The gate leads to the area of 3rd Cavalry Regiment, the unit Guillen was in, and is located near Killeen’s Rancier Avenue and Fort Hood Street intersection where family and supporters of Guillen gathered to hold protests last year.

Members of the Guillen family were involved in the design process and will attend the ceremony that is not open to the public, Fort Hood officials said in a news release last week.

“My prayer is that when soldiers drive through that gate, that they remember and they know every soldier has not only the mission of the military, but they also have to fight battles that not everybody can jump in and defend,” Tapia said.

In the aftermath of Guillen’s disappearance and death, then-Secretary of the Army Ryan McCarthy commissioned an independent review board to take a thorough look at Fort Hood’s implementation of the Army’s Sexual Harassment/Assault Response and Prevention program.

After speaking to soldiers and their families as well as Army leaders, the review board released its findings in December.

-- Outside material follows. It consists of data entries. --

(* Only rational points are controlled by the hypothesis of the theorem:
   X is a rational point with the same first m + 1 digits as x', and T x' = A
   is rational. *)
Lemma negbeta_rational_shadow m (eta : R) : 0 < eta -> exists x' (A X : rat),
  [/\ (l + 1) / 2 < x', x' < ratr X < x' + eta, ratr X < l + 1, T x' = ratr A
    & forall k, (k <= m)%N -> digit (ratr X) k = digit x' k].
Proof.
move=> eta_gt0; have beta_gt0 : 0 < beta by have := beta_gt1; lra.
have mid_lt : (l + 1) / 2 < l + 1 by have := l_gtN1; lra.
have [a [b [mid_a ab b_lt digit_eq]]] := negbeta_cylinder m.+1 mid_lt.
set e := digit ((a + b) / 2) 0.
have digit0 u : a < u < b -> digit u 0 = e.
  by move=> u_ab; apply: digit_eq => //; apply/andP; split; lra.
have : - beta * b - e%:~R < - beta * a - e%:~R by rewrite ltrD2r !mulNr ltrN2 ltr_pM2l.
case/rat_in_itvoo => A; rewrite in_itv /= !mulNr => /andP[A_gt A_lt].
set x' := - (ratr A + e%:~R) / beta.
have beta_x' : beta * x' = - (ratr A + e%:~R) by rewrite mulrC divfK ?gt_eqF.
have x'_ab : a < x' < b.
  by apply/andP; split; rewrite -(ltr_pM2l beta_gt0) beta_x'; lra.
have : x' < Num.min b (x' + eta) by rewrite lt_min; apply/andP; split; lra.
case/rat_in_itvoo => X; rewrite in_itv /= lt_min => /andP[x'_X /andP[X_b X_eta]].
have X_ab : a < ratr X < b by apply/andP; split; lra.
exists x', A, X; split.
- lra.
- by rewrite x'_X X_eta.
- lra.
- by rewrite negbeta_TE digit0 // mulNr beta_x'; ring.
- by move=> k k_le; apply: digit_eq.
Qed.

Local Notation orbitC g x := (digit_orbit g (x%:C)%C (digit x)).

Lemma conj_orbit_gap (g : R[i]) (K : R) m : 1 < normc g ->
  (forall q : rat, l <= ratr q < l + 1 -> forall n, normc (orbitC g (ratr q) n) <= K) ->
  normc g ^+ m * (normc (beta%:C%C - g) * ((l + 1) / 2)) <= 2 * K + normc g.
Proof.
move=> g_gt1 orbit_le; set r := normc g; set u := normc (beta%:C%C - g).
have r_gt0 : 0 < r by rewrite (lt_trans ltr01).
have rm_gt0 : 0 < r ^+ m by rewrite exprn_gt0.
have rmV_gt0 : 0 < (r ^+ m)^-1 by rewrite invr_gt0.
have [x' [A [X [x'_gt /andP[x'_X X_eta] X_lt Tx' digitX]]]] :=
  negbeta_rational_shadow m rmV_gt0.
have X_itv : l <= ratr X < l + 1 by apply/andP; split=> //; have := l_le0; lra.
have A_itv : l <= ratr A < l + 1 by rewrite -Tx' negbeta_T_itv.
have diffE : orbitC g (ratr X) (1 + m) - orbitC g (ratr A) m =
    (- g) ^+ m * ((beta * x')%:C%C - g * (ratr X)%:C%C).
  rewrite digit_orbitD digit_orbitB => [|k k_lt]; last first.
    by rewrite digitX // -Tx' -[T x']/(iter 1 T x') -negbeta_digitD.
  have -> : orbitC g (ratr X) 1 = - g * (ratr X)%:C%C - (digit x' 0)%:~R by rewrite -digitX.
  rewrite -Tx' negbeta_TE !rmorphB !rmorphM rmorphN /=.
  by rewrite -(rmorph_int (real_complex R)); ring.
set D := (beta * x')%:C%C - g * (ratr X)%:C%C.
have e1 : r ^+ m * normc D <= 2 * K.
  have -> : r ^+ m = normc ((- g) ^+ m) by rewrite normcX normcN.
  rewrite -normcM -diffE (le_trans (normcB _ _)) // mulr2n mulrDl mul1r.
  by rewrite lerD ?orbit_le.
have x'_gt0 : 0 < x' by have := l_gtN1; lra.
have e2 : u * x' <= normc D + r * (ratr X - x').
  by apply: normc_subC_mul_le; rewrite x'_gt0 ltW.
have e3 : r ^+ m * (ratr X - x') <= 1.
  by rewrite -ler_pdivlMl // mulr1 ltW // ltrBlDl.
have : r ^+ m * (u * ((l + 1) / 2)) <= r ^+ m * (u * x').
  by rewrite ler_pM2l // ler_wpM2l ?normc_ge0 // ltW.
have : r ^+ m * (u * x') <= r ^+ m * normc D + r * (r ^+ m * (ratr X - x')).
  by rewrite [r * _]mulrCA -mulrDr ler_pM2l.
have : r * (r ^+ m * (ratr X - x')) <= r by apply: ler_piMr => //; exact: ltW.
lra.
Qed.
(* Let $G$ be a torsion-free group and $\mathcal F\subset\mathcal P_G$ a left-invariant ideal. Then for every limit ordinal $\alpha$ (including $\alpha=0$) the family $\tau^{<\alpha}(\mathcal F)$ is additive. In particular, the thin-completion $\tau^*(\mathcal F)$ is a (left-invariant) ideal in $\mathcal P_G$.
   Context: $\mathcal P_G$ is the family of all subsets of $G$; $e$ is the neutral element. A family $\mathcal F\subset\mathcal P_G$ is left-invariant if $xF\in\mathcal F$ for all $F\in\mathcal F$, $x\in G$; lower if $A\subset B\in\mathcal F$ implies $A\in\mathcal F$; additive if $A\cup B\in\mathcal F$ for all $A,B\in\mathcal F$; an ideal if it is lower and additive. For a left-invariant lower family $\mathcal F$: $\tau(\mathcal F)=\{A\subset G: xA\cap yA\in\mathcal F$ for all distinct $x,y\in G\}$; $\tau^0(\mathcal F)=\mathcal F$, $\tau^{<\alpha}(\mathcal F)=\bigcup_{\beta<\alpha}\tau^\beta(\mathcal F)$ and $\tau^\alpha(\mathcal F)=\tau(\tau^{<\alpha}(\mathcal F))$ for $\alpha>0$. $\mathcal F$ is thin-complete if $\tau(\mathcal F)=\mathcal F$; the thin-completion $\tau^*(\mathcal F)$ is the smallest thin-complete family containing $\mathcal F$; it equals $\bigcup_{\alpha<|G|^+}\tau^\alpha(\mathcal F)$. A group is torsion-free if every non-neutral element has infinite order. *)

From Stdlib Require Import Arith.

Record group := Group {
  carrier :> Type;
  gmul : carrier -> carrier -> carrier;
  gone : carrier;
  ginv : carrier -> carrier;
  gmulA : forall x y z, gmul x (gmul y z) = gmul (gmul x y) z;
  gmul1l : forall x, gmul gone x = x;
  gmul1r : forall x, gmul x gone = x;
  gmulVl : forall x, gmul (ginv x) x = gone;
  gmulVr : forall x, gmul x (ginv x) = gone
}.

Section Defs.
Variable G : group.

Fixpoint gpow (g : G) (n : nat) : G :=
  match n with O => gone G | S m => gmul G g (gpow g m) end.

Definition torsion_free : Prop :=
  forall g : G, g <> gone G -> forall n : nat, 0 < n -> gpow g n <> gone G.

Definition subset_ (A B : G -> Prop) : Prop := forall z, A z -> B z.
Definition family := (G -> Prop) -> Prop.

Definition ltrans (x : G) (A : G -> Prop) : G -> Prop :=
  fun z => exists a, A a /\ z = gmul G x a.
Definition inter (A B : G -> Prop) : G -> Prop := fun z => A z /\ B z.
Definition union (A B : G -> Prop) : G -> Prop := fun z => A z \/ B z.

Definition left_invariant (F : family) : Prop :=
  forall A x, F A -> F (ltrans x A).
Definition lower (F : family) : Prop :=
  forall A B, subset_ A B -> F B -> F A.
Definition additive (F : family) : Prop :=
  forall A B, F A -> F B -> F (union A B).
Definition ideal (F : family) : Prop := lower F /\ additive F.

Definition tau (F : family) : family :=
  fun A => forall x y : G, x <> y -> F (inter (ltrans x A) (ltrans y A)).

Definition thin_complete (F : family) : Prop := forall A, tau F A <-> F A.

Definition tau_star (F : family) : family :=
  fun A => forall T : family, left_invariant T -> lower T -> thin_complete T ->
    (forall B, F B -> T B) -> T A.

(* Transfinite hierarchy indexed by a well-order (W, lt): the element w
   stands for the ordinal alpha = order type of {v | lt v w}.
   tau^alpha = F if alpha = 0, tau(tau^{<alpha}) otherwise. *)
Section Hierarchy.
Variable F : family.
Variables (W : Type) (lt : W -> W -> Prop).

Definition minimal (w : W) : Prop := forall v, ~ lt v w.

Inductive tau_at (w : W) (A : G -> Prop) : Prop :=
| tau_at_zero : minimal w -> F A -> tau_at w A
| tau_at_succ : ~ minimal w ->
    (forall x y : G, x <> y ->
       exists v, lt v w /\ tau_at v (inter (ltrans x A) (ltrans y A))) ->
    tau_at w A.

Definition tau_lt (w : W) : family := fun A => exists v, lt v w /\ tau_at v A.
End Hierarchy.
End Defs.

Definition well_order {W : Type} (lt : W -> W -> Prop) : Prop :=
  (forall x, ~ lt x x) /\
  (forall x y z, lt x y -> lt y z -> lt x z) /\
  (forall x y, lt x y \/ x = y \/ lt y x) /\
  well_founded lt.

Definition is_limit {W : Type} (lt : W -> W -> Prop) (w : W) : Prop :=
  forall v, lt v w -> exists u, lt v u /\ lt u w.

From Stdlib Require Import List Arith Lia Classical FinFun.
Import ListNotations.

(* Iterating tau finitely often makes an ideal H "eventually additive": if
   A, B lie in tau^n(H), then A ∪ B lies in tau^m(H) for some m.  More
   generally, let C be a union of K members of tau^(i+1)(H) and write C_S for
   the intersection of the translates gC, g ∈ S.  For x ≠ y, the set
   xC_S ∩ yC_S contains C_(xS ∪ yS), and xS ∪ yS is strictly larger than a
   finite S: otherwise S would be invariant under left multiplication by
   x^-1 y ≠ 1, giving a finite orbit, which torsion-freeness forbids.  So
   C = C_{1} lies in tau^K of the family of all C_S with |S| = K+1, and by
   pigeonhole such a C_S is covered by boundedly many sets aA ∩ bA (a ≠ b,
   A one of the K sets), which lie in tau^i(H); induction on i concludes.

   Transfinitely, every stage X is sandwiched by an ideal H: X ⊆ tau^n(H)
   and tau^m(H) ⊆ tau^m(X) for all m.  A directed union of sandwiched
   families that is cofinal under tau is then additive; this handles the
   limit stages of the hierarchy, and also the thin-completion, which is the
   union of the tower generated from F by tau and by unions. *)

Section Pairs.
Context {T : Type}.

Fixpoint pairs_lt (l : list T) : list (T * T) :=
  match l with [] => [] | a :: r => map (fun b => (a, b)) r ++ pairs_lt r end.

In all, the committee’s 152-page report sets forth nine findings and 70 recommendations relating to areas including SHARP, Fort Hood CID, missing soldier protocols and the installation’s crime prevention and public relations efforts.

McCarthy also announced the firing or suspension of 14 leaders at Fort Hood, including two generals.

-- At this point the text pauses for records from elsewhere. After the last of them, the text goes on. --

Lemma hausdorff_prod (U V : topologicalType) :
  hausdorff_space U -> hausdorff_space V -> hausdorff_space (U * V)%type.
Proof.
have sep (W : topologicalType) (f : (U * V)%type -> W) (x y : U * V) :
    continuous f -> hausdorff_space W -> f x != f y ->
    exists2 AB, (x \in AB.1 /\ y \in AB.2) &
      [/\ open AB.1, open AB.2 & AB.1 `&` AB.2 == set0].
  rewrite open_hausdorff => cf hW /hW [[A B] /= [+ +] [oA oB /eqP AB0]].
  move=> Afx Bfy; exists (f @^-1` A, f @^-1` B); rewrite ?inE //=.
  split; [exact: open_comp | exact: open_comp |].
  by rewrite -preimage_setI AB0 preimage_set0.
move=> hU hV; rewrite open_hausdorff => -[x1 x2] [y1 y2] xy.
have [e1|n1] := eqVneq x1 y1.
  apply: (sep _ snd) hV _ => [z|/=]; first exact: cvg_snd.
  by apply: contraNneq xy => e2; rewrite e1 e2.
apply: (sep U fst) => // z; exact: cvg_fst.
Qed.

Section NatSlices.
Variable T : topologicalType.
Implicit Types (p : nat * T) (V : set (nat * T)).

Lemma near_fst p : \forall q \near p, q.1 = p.1.
Proof. exact: (cvg_fst (discrete_set1 p.1)). Qed.

Lemma continuous_slices (U : topologicalType) (f : nat * T -> U) :
  (forall n, continuous (fun x => f (n, x))) -> continuous f.
Proof.
move=> fn [n x]; apply: (@cvg_trans _ ((fun q => f (n, q.2)) @ (n, x))).
  by apply: near_eq_cvg; apply: filterS (near_fst (n, x)) => -[m y] /= ->.
apply: (@continuous_comp _ _ _ snd (fun y => f (n, y)) (n, x)).
  exact: cvg_snd.
exact: fn.
Qed.

Lemma open_slice V (n : nat) : open V -> open [set x | V (n, x)].
Proof.
move=> oV; apply: (@open_comp T (nat * T)%type (pair n)) => // x _.
exact: pair_continuous.
Qed.

Lemma open_slice_image (n : nat) (W : set T) : open W -> open (pair n @` W).
Proof.
move=> oW; have -> : pair n @` W = fst @^-1` [set n] `&` snd @^-1` W.
  apply/seteqP; split => [_ [x Wx <-] //|[m x] [/= -> Wx]]; by exists x.
apply: openI; apply: open_comp.
- by move=> z _; exact: cvg_fst.
- exact: discrete_open.
- by move=> z _; exact: cvg_snd.
- exact: oW.
Qed.

Lemma open_map_slices (U : topologicalType) (f : nat * T -> U) :
  (forall n W, open W -> open ((fun x => f (n, x)) @` W)) ->
  forall V, open V -> open (f @` V).
Proof.
move=> fn V oV.
have -> : f @` V = \bigcup_n (fun x => f (n, x)) @` [set x | V (n, x)].
  apply/seteqP; split => [_ [[n x] Vnx <-]|_ [n _ [x Vnx <-]]].
    by exists n => //; exists x.
  by exists (n, x).
by apply: bigcup_open => n _; apply: fn; exact: open_slice.
Qed.

End NatSlices.

Lemma locally_compact_hausdorff (T : topologicalType) : hausdorff_space T ->
  (forall x : T, exists2 K, nbhs x K & compact K) -> locally_compact [set: T].
Proof.
move=> hT cK x _; have [K xK cptK] := cK x; rewrite withinET; exists K => //.
by split => //; exact: compact_closed.
Qed.

Lemma closed_image_continuous (T U : topologicalType) (f : T -> U) (C : set T) :
  compact [set: T] -> hausdorff_space U -> continuous f -> closed C ->
  closed (f @` C).
Proof.
move=> cT hU cf cC; apply: compact_closed => //; apply: continuous_compact.
  exact: continuous_subspaceT.
exact: subclosed_compact cC cT _.
Qed.

Section Multiplication.
Local Open Scope ring_scope.
Variable G : topologicalZmodType.
Implicit Types (a : nat) (g h x y : G).

Lemma omegaB a x y : omega a (x - y) = omega a x - omega a y.
Proof. exact: mulrnBl. Qed.

Lemma omega_continuous a : continuous (omega a : G -> G).
Proof.
elim: a => [|a IH] x; first exact: cvg_cst.
have -> : omega a.+1 = (fun z : G * G => z.1 + z.2) \o (fun g => (g, omega a g)).
  by apply: funext => g; rewrite /omega /= mulrS.
apply: continuous_comp; last exact: add_continuous.
by apply: cvg_pair; [exact: cvg_id | exact: IH].
Qed.

Lemma addl_continuous h : continuous (fun x : G => h + x).
Proof.
move=> x; apply: (@continuous_comp _ _ _ (pair h) (fun z : G * G => z.1 + z.2)).
  exact: pair_continuous.
exact: add_continuous.
Qed.

Lemma omega0 a : omega a (0 : G) = 0.
Proof. exact: mul0rn. Qed.

Lemma omega_coset_eq a g h : [set g + omega a x | x in [set: G]] h ->
  [set g + omega a x | x in [set: G]] = [set h + omega a x | x in [set: G]].
Proof.
move=> [x _ <-]; apply/seteqP; split => _ [y _ <-].
  by exists (y - x) => //; rewrite omegaB addrA addrAC addrK.
by exists (x + y) => //; rewrite /omega mulrnDl addrA.
Qed.

Lemma omega_locally_injective a g : hausdorff_space G -> finite_set (@kerw G a) ->
  exists U : set G, [/\ open U, U g & {in U &, injective (omega a)}].
Proof.
move=> hG fin; pose K : set G := kerw a `\` [set 0].
have cK : closed K.
  apply: accessible_finite_set_closed.1; first exact: hausdorff_accessible.
  exact: finite_setD.
have : nbhs (g, g) ((fun z : G * G => z.1 - z.2) @^-1` ~` K).
  apply: sub_continuous; rewrite /= subrr; apply: open_nbhs_nbhs; split.
    by rewrite openC.
  by move=> [_ /(_ erefl)].
case=> -[A B] /= [nA nB] AB; have : nbhs g (A `&` B) by exact: filterI.
rewrite nbhsE => -[W [oW Wg] WAB]; exists W; split => // x y.
move=> /set_mem Wx /set_mem Wy exy.
have [Ax _] := WAB x Wx; have [_ By] := WAB y Wy.
apply/eqP; rewrite -subr_eq0; apply/negP => nxy; apply: (AB (x, y) (conj Ax By)); split.
  by rewrite /kerw /= omegaB exy subrr.
by move=> /= /eqP.
Qed.

Section CompactHausdorff.
Hypotheses (Gcompact : compact [set: G]) (Ghausdorff : hausdorff_space G).

Lemma omega_range_open a : finite_set (@cosets_imw G a) ->
  open (range (@omega G a)).
Proof.
move=> fin; pose coset (g : G) : set G := [set g + omega a x | x in [set: G]].
have coset_refl g : coset g g by exists 0; rewrite // omega0 addr0.
have -> : range (omega a) = coset 0.
  by apply/seteqP; split => _ [x _ <-]; exists x; rewrite ?add0r.
rewrite -closedC.
have -> : ~` coset 0 = \bigcup_(C in cosets_imw a `\` [set coset 0]) C.
  apply/seteqP; split => [x nx|x [_ [[g ->] /= ng] gx] x0].
    by exists (coset x) => //; split => [|/= e]; [exists x | apply: nx; rewrite -e].
  by apply: ng; rewrite /coset (omega_coset_eq gx) (omega_coset_eq x0).
apply: closed_bigcup; first exact: finite_setD.
move=> _ [[g ->] _]; apply: closed_image_continuous => //.
  move=> x; apply: (@continuous_comp _ _ _ (omega a) (fun y => g + y)).
    exact: omega_continuous.
  exact: addl_continuous.
Qed.

Lemma omega_open_map a : finite_set (@cosets_imw G a) ->
  forall V : set G, open V -> open (omega a @` V).
Proof.
move=> fin V oV; pose P := \bigcup_(k in kerw a) [set x | V (- k + x)].
have oP : open P.
  apply: bigcup_open => k _.
  by apply: (@open_comp _ _ (fun x => - k + x)) => // x _; exact: addl_continuous.
have -> : omega a @` V = range (omega a) `&` ~` (omega a @` ~` P).
  apply/seteqP; split => [_ [v Vv <-]|_ [[x _ <-] nPx]].
    split=> [|[y nPy yv]]; first by exists v.
    by apply: nPy; exists (y - v); rewrite /kerw /= ?omegaB ?yv ?subrr // opprB subrK.
  have [k kk Vk] : P x by apply: contrapT => nPx'; apply: nPx; exists x.
  by exists (- k + x) => //; rewrite addrC omegaB kk subr0.
apply: openI; first exact: omega_range_open.
rewrite openC; apply: closed_image_continuous => //; first exact: omega_continuous.
by rewrite closedC.
Qed.
End CompactHausdorff.

End Multiplication.

Section GroupGraph.
Variable G : topologicalZmodType.
Implicit Types (p q : LG G) (g : G).

Lemma LG_d_comp p q : LG_d (LG_comp p q) = (LG_d p * LG_d q)%N.
Proof. by rewrite /LG_d /LG_comp prednK ?muln_gt0. Qed.

Lemma LG_s_comp p q : LG_s p = LG_r q -> LG_s (LG_comp p q) = LG_s q.
Proof.
move=> spq; change (omega (LG_d (LG_comp p q)) p.2 = LG_s q).
by rewrite LG_d_comp /LG_s /LG_d -/(LG_r q) -spq /LG_s /omega mulrnA.
Qed.

Lemma LG_comp_assoc p1 p2 p3 :
  LG_comp (LG_comp p1 p2) p3 = LG_comp p1 (LG_comp p2 p3).
Proof.
change (((LG_d (LG_comp p1 p2) * LG_d p3).-1, p1.2) =
  ((LG_d p1 * LG_d (LG_comp p2 p3)).-1, p1.2)).
by rewrite !LG_d_comp mulnA.
Qed.

Lemma LG_s_continuous : continuous (@LG_s G).
Proof. by apply: continuous_slices => n; exact: (@omega_continuous G n.+1). Qed.

Lemma LG_d_continuous : continuous (@LG_d G).
Proof. by apply: continuous_slices => n x; exact: cvg_cst. Qed.

Lemma LG_comp_continuous :
  continuous (fun pq : LG G * LG G => LG_comp pq.1 pq.2).
Proof.
move=> [p q]; apply: (@cvg_pair _ _ _ _ (nbhs (LG_comp p q).1)); last first.
  by apply: (@continuous_comp _ _ _ fst snd); [exact: cvg_fst | exact: cvg_snd].
apply/discrete_cvg; apply: (@filterS2 _ (nbhs (p, q)) _
  [set z | z.1.1 = p.1] [set z | z.2.1 = q.1]).
- by move=> [[n g] [m h]] /= -> ->.
- exact: (cvg_fst (near_fst p)).
- exact: (cvg_snd (near_fst q)).
Qed.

A suspect in the case, Fort Hood Spc. Aaron David Robinson, fatally shot himself July 1, and another suspect, Killeen resident Cecily Aguilar, is in custody on federal charges.

Aguilar pleaded not guilty on July 14, 2020, to one count of conspiracy to tamper with evidence and two substantive counts of tampering with evidence. If convicted, she faces up to 20 years in federal prison for each count, according to the U.S. Attorney’s Office, Western District of Texas.

A status conference will be held at the federal courthouse in Waco on Tuesday, followed by a hearing on May 25 on a defense motion to suppress, according to court documents filed on April 9.

Aguilar is accused of helping Robinson, 20, dispose of Guillen’s body after investigators said he killed her with a hammer on April 22, 2020, according to a federal criminal complaint.